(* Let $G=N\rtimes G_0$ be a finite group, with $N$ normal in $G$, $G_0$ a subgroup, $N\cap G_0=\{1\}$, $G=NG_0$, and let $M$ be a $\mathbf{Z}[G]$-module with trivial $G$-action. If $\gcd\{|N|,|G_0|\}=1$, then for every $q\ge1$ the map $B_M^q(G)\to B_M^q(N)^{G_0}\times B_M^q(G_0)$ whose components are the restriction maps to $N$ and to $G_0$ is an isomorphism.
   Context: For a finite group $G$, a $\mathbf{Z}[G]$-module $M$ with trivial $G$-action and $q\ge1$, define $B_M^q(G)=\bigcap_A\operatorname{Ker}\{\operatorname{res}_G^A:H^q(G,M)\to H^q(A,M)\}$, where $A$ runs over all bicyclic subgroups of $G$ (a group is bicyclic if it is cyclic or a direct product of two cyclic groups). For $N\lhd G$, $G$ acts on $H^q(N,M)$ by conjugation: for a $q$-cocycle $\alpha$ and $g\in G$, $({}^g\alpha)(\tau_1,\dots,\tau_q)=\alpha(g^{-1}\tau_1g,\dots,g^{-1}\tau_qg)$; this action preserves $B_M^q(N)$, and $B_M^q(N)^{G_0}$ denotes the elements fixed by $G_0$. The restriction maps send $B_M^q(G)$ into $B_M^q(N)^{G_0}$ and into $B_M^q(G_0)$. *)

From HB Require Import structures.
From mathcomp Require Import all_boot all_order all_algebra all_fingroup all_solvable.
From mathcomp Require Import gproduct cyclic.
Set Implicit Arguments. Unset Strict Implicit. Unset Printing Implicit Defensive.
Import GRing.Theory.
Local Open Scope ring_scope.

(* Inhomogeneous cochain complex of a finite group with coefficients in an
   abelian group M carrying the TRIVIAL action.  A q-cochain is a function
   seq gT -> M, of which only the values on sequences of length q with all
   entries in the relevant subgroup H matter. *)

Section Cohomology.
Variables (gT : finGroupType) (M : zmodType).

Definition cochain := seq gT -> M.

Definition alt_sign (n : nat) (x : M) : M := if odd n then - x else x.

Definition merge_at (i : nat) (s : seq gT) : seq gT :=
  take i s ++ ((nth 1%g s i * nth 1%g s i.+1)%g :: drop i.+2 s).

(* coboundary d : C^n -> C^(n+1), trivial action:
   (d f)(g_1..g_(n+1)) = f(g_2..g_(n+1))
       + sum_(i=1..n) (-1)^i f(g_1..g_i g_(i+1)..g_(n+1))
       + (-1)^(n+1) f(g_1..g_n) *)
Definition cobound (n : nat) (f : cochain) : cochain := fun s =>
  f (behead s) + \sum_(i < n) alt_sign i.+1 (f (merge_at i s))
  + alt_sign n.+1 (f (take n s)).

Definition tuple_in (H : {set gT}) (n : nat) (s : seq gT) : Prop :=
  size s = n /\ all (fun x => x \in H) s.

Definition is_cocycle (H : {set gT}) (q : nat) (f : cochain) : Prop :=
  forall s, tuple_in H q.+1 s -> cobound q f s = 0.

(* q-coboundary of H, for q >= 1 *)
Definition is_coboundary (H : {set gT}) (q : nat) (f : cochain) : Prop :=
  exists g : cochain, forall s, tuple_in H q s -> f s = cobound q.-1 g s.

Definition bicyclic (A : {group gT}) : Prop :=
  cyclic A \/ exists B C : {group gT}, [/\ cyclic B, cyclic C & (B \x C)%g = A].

● **Prompt**
Find the word "From" in the material, then list each line that holds it.

● **Solution to the problem**
From HB Require Import structures.
From mathcomp Require Import all_boot all_order all_algebra all_fingroup all_solvable.
From mathcomp Require Import gproduct cyclic.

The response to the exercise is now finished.